Local governments play a critical role in setting the table for affordable housing development. This includes helping with site identification and acquisition, providing needed zoning and regulatory flexibility, and contributing to filling financial gaps. This “table setting” happens most effectively when it is part of a deliberate plan to diversify a community’s housing choices. Challenging and ambitious goals cannot be accomplished without a plan.
This is what makes comprehensive plan updates so important. Under Minnesota law, every city and county in the Metro Area has to update its comprehensive plan every ten years, with those updates now due in 2018 and 2019. Under the Metropolitan Land Use Planning Act (MLUPA), part of the comp plan update process involves each city’s “housing element,” where local governments are obligated to plan for their share of the local and regional need for affordable housing, by setting aside sufficient land and by producing an implementation plan which will produce their fair share of new affordable units (based on fair share allocations determined by the Met Council).
HJC has focused for years on making the once a decade comp plan update process an effective tool for getting more affordable housing units produced, particularly in communities most lacking in affordable housing. When the Met Council assembled a workgroup to draft the region’s Housing Policy Plan in 2014, HJC pushed for stronger Met Council oversight of housing element updates. What HJC had found in the previous round of plan updates were many city housing elements that were vague and noncommittal, with no realistic prospect of coming close to meeting cities’ fair share allocations of affordable housing. The new Housing Policy Plan beefed up this process in several important ways. Local plans must consider all available tools (policy, financial, etc) to meet housing goals, they must be specific, and they must articulate strategies to meet the needs of the lowest income households.
Over the last six to nine months, HJC has been reviewing draft housing elements and offering comments to cities, and to the Met Council, once those plans get submitted to the Council for review. In reviewing those plans, HJC has learned several things. While vagueness has not vanished from these plans altogether, many of the housing plans are much better than they were a decade ago. The best ones identify specific new strategies the city will tackle in the future, with timelines for when this work will be done. Others still fall well short of what MLUPA requires, however.
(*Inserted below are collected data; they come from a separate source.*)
Definition strictly_convex_on_nonneg (R : realType) (phi : R -> R) : Prop :=
  forall x y t : R, 0 <= x -> 0 <= y -> x != y -> 0 < t < 1 ->
    phi (t * x + (1 - t) * y) < t * phi x + (1 - t) * phi y.

(* The entropy identity rests on a change of weights.  With [U = <u, p>] and
   the likelihood ratios [x_j = p_j / (v_j U)], the matrix
   [w_ij = M_ij v_j / (mu v_i)] on interior states is row-stochastic (v is a
   right eigenvector), [<u, M p> = mu U] (u is a left eigenvector), and the
   ratios of [M p] are the [w]-averages of those of [p].  Hence
   [E(M p) = sum_i phi (sum_j w_ij x_j) v_i u_i], while, again by the left
   eigenvector equation, [E(p) = sum_i (sum_j w_ij phi x_j) v_i u_i], and
   Jensen's inequality row by row gives [E(M p) <= E(p)].  For strictly
   convex [phi], equality forces every row to be an equality case of Jensen;
   since [w] has a positive diagonal and superdiagonal on the interior, the
   ratios of neighbouring interior states agree, so [x] is constant, i.e.
   [p] is proportional to [v] on the interior: exactly [p \in Q]. *)
From mathcomp Require Import all_boot all_order all_algebra.
From mathcomp Require Import reals.
From mathcomp Require Import ring lra zify.
Set Implicit Arguments. Unset Strict Implicit. Unset Printing Implicit Defensive.
Import Order.TTheory GRing.Theory Num.Theory.
Local Open Scope ring_scope.

Section Jensen.
Variables (R : realType) (phi : R -> R) (I : finType).
Hypothesis phi_convex : convex_on_nonneg phi.

(* For [S = 0] the tail vanishes on both sides (with [w j / 0 = 0]), so no
   positivity of [S] is needed. *)
Lemma big_weighted_split (P : pred I) (w : I -> R) (a : I) (f : I -> R) :
  (forall j, P j -> 0 <= w j) -> P a ->
  let S := \sum_(j | P j && (j != a)) w j in
  \sum_(j | P j) w j * f j =
    w a * f a + S * \sum_(j | P j && (j != a)) (w j / S) * f j.
Proof.
move=> w_ge0 Pa S; rewrite (bigD1 a Pa) /=; congr (_ + _).
have w'_ge0 j : P j && (j != a) -> 0 <= w j by case/andP=> /w_ge0.
have [S0|S_neq0] := eqVneq S 0.
  rewrite S0 mul0r; apply: big1 => j Pj.
  by rewrite (psumr_eq0P w'_ge0 S0) ?mul0r.
by rewrite mulr_sumr; apply: eq_bigr => j _; rewrite mulrA mulrCA divff ?mulr1.
Qed.

Lemma jensen (P : pred I) (w x : I -> R) :
  (forall j, P j -> 0 <= w j) -> (forall j, P j -> 0 <= x j) ->
  \sum_(j | P j) w j = 1 ->
  phi (\sum_(j | P j) w j * x j) <= \sum_(j | P j) w j * phi (x j).
Proof.
move: {2}#|P| (leqnn #|P|) => n; elim: n P w => [|n IH] P w card_P w_ge0 x_ge0 w1.
  have P0 : P =1 xpred0 by move: card_P; rewrite leqn0 => /eqP/card0_eq.
  by move: w1; rewrite big_pred0 // => /eqP; rewrite eq_sym oner_eq0.
have [a Pa|P0] := pickP P; last first.
  by move: w1; rewrite big_pred0 // => /eqP; rewrite eq_sym oner_eq0.
rewrite (big_weighted_split x w_ge0 Pa) (big_weighted_split (phi \o x) w_ge0 Pa) /=.
set P' := fun j => P j && (j != a); set S := \sum_(j | P' j) w j.
have w'_ge0 j : P' j -> 0 <= w j by case/andP=> /w_ge0.
have wh_ge0 j : P' j -> 0 <= w j / S by move=> Pj; rewrite divr_ge0 ?w'_ge0 ?sumr_ge0.
have S_ge0 : 0 <= S by apply: sumr_ge0.
have waS : 1 - w a = S by rewrite -w1 (bigD1 a Pa) addrC addKr.
set y := \sum_(j | P' j) w j / S * x j.
have y_ge0 : 0 <= y.
  by apply: sumr_ge0 => j Pj; rewrite mulr_ge0 ?wh_ge0 //; case/andP: Pj => /x_ge0.
have := phi_convex (x_ge0 _ Pa) y_ge0 (t := w a).
rewrite waS w_ge0 //= => /(_ ltac:(lra)) le_convex.
apply: (le_trans le_convex); rewrite lerD2l.
have [S0|S_neq0] := eqVneq S 0; first by rewrite S0 !mul0r.
rewrite ler_wpM2l // IH // => [|j /andP[/x_ge0] //|]; last first.
  by rewrite -mulr_suml divff.
have -> : #|P'| = #|[predD1 P & a]| by apply: eq_card => j; rewrite !inE andbC.
by move: card_P; rewrite (cardD1 a) unfold_in Pa.
Qed.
One near-universal failing of the new round of housing elements is in the failure to identify actions cities will take to meet the housing needs of households at 30% AMI and below (“extremely low-income households”). Throughout the Metro Area, this is where the need for affordable housing is the greatest. Most local housing plans, however, are geared to support new Low-Income Housing Tax Credit developments, which typically serve households at 50-60 % AMI. To serve 30% AMI households, in addition to the production of new affordable units through programs like the LIHTC program, an ongoing stream of operating subsidy or rent subsidy payments are needed to reduce rents to a level an extremely low-income household can afford. Almost no local government has taken this step. Working towards tools and strategies which will address this critical need remains a major goal for HJC.